# How can I bid jobs for smaller companies?



## Kehling_mp (Jan 7, 2015)

I work for a large commercial drywall company. I am looking to pick up some part time work at night time bidding smaller interior commercial jobs for smaller drywall companies. I would provide on screen takeoff and quickbid print outs. I would show all breakdowns of materials and man hours. This way, the company would see where i have put the money. All of this for just a small fee. I have searched different ways to make this happen, but have not been able to successfully market this. Any thoughts???


----------



## thefinisher (Sep 2, 2011)

Sounds like a good way to lose your current job....


----------



## kcmudderman (Dec 22, 2014)

Pretty sure I would get fired. Even if your company is not interested in these small jobs I'm sure they would not want u to help them achieve success and possibly become a company that does "bigger" jobs. 
If u need the extra money go tape the small jobs in the evenings. 
Just my opinion. Good luck bro


----------



## endo_alley (Nov 2, 2013)

You would probably have to make a phony user name and profile and market everything online to contractors somewhere outside your community. And then good luck getting paid. It is difficult to bid for people you are unfamiliar with. Materials is easy. But productivity rates are not universal qualities. Whenever I tell guys "this computer says you should have been done with that job yesterday", they tell me to.........well, its better to not get into that.
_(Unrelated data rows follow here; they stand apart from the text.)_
(* Let $\mathsf{SafeInstance} \subseteq \mathbb{N}$ contain at least two elements. Then there is no metalanguage capturing the property $\psi(g)$: ''$g$ halts on every input and outputs an element of $\mathsf{SafeInstance}$'', i.e. $\psi(g) \leftrightarrow \forall x\,(\varphi_g(x)\downarrow \wedge \varphi_g(x) \in \mathsf{SafeInstance})$.
   Context: Programs (generators) are identified with natural numbers in a fixed universal programming language; $\varphi_g$ is the partial computable function computed by $g$ and $\varphi_g(x)\downarrow$ means $g$ halts on $x$. A metalanguage $L \subseteq \mathbb{N}$ captures a property $\psi$ if $L$ is decidable, every $g \in L$ satisfies $\psi$, and for every $g' \in \mathbb{N}$ satisfying $\psi$ there is $g \in L$ with $\varphi_g = \varphi_{g'}$. *)

From Stdlib Require Import Arith Cantor.
From mathcomp Require Import ssreflect ssrfun ssrbool eqtype ssrnat seq choice.

Set Implicit Arguments.
Unset Strict Implicit.

(* A fixed universal programming language: unary partial recursive          *)
(* functions on nat, with tuples encoded by the Cantor pairing of           *)
(* Stdlib.Arith.Cantor (pair x y := Cantor.to_nat (x, y)).                  *)

Definition cpair (x y : nat) : nat := Cantor.to_nat (x, y).
Definition cfst (n : nat) : nat := fst (Cantor.of_nat n).
Definition csnd (n : nat) : nat := snd (Cantor.of_nat n).

Inductive prog : Type :=
  | PZero
  | PSucc
  | PId
  | PFst
  | PSnd
  | PComp of prog & prog
  | PPair of prog & prog
  | PRec of prog & prog
  | PMu of prog.

(* PRec f g on input <n,y>:  R 0 = f y,  R (n+1) = g <<n, R n>, y>. *)
Inductive eval : prog -> nat -> nat -> Prop :=
  | ev_zero x : eval PZero x 0
  | ev_succ x : eval PSucc x (S x)
  | ev_id x : eval PId x x
  | ev_fst x : eval PFst x (cfst x)
  | ev_snd x : eval PSnd x (csnd x)
  | ev_comp f g x u v : eval g x u -> eval f u v -> eval (PComp f g) x v
  | ev_pair f g x a b : eval f x a -> eval g x b -> eval (PPair f g) x (cpair a b)
  | ev_rec f g x v : evalrec f g (cfst x) (csnd x) v -> eval (PRec f g) x v
  | ev_mu f x n :
      eval f (cpair n x) 0 ->
      (forall m, m < n -> exists k, eval f (cpair m x) (S k)) ->
      eval (PMu f) x n
with evalrec : prog -> prog -> nat -> nat -> nat -> Prop :=
  | evr_0 f g y v : eval f y v -> evalrec f g 0 y v
  | evr_S f g n y r v :
      evalrec f g n y r -> eval g (cpair (cpair n r) y) v ->
      evalrec f g (S n) y v.

(* Goedel numbering: programs are coded as generic trees, which MathComp     *)
(* numbers bijectively-onto-their-image via pickle/unpickle.  Every natural  *)
(* number denotes a program (junk codes denote PZero), and every program has *)
(* a code.                                                                   *)

Fixpoint prog_to_tree (p : prog) : GenTree.tree nat :=
  match p with
  | PZero => GenTree.Node 0 [::]
  | PSucc => GenTree.Node 1 [::]
  | PId => GenTree.Node 2 [::]
  | PFst => GenTree.Node 3 [::]
  | PSnd => GenTree.Node 4 [::]
  | PComp f g => GenTree.Node 5 [:: prog_to_tree f; prog_to_tree g]
  | PPair f g => GenTree.Node 6 [:: prog_to_tree f; prog_to_tree g]
  | PRec f g => GenTree.Node 7 [:: prog_to_tree f; prog_to_tree g]
  | PMu f => GenTree.Node 8 [:: prog_to_tree f]
  end.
But if I were to say, "a guy on a computer a thousand miles from here says you should be done by now", that really wouldn't go over very well.


----------



## richmond (Jan 21, 2015)

I had a painting estimator out of ohio....I'm in wisconsin...it worked well....


----------



## longhornbuilds (May 11, 2015)

thefinisher said:


> Sounds like a good way to lose your current job....



yea, most companies would definitely frown once they get wind of it.


----------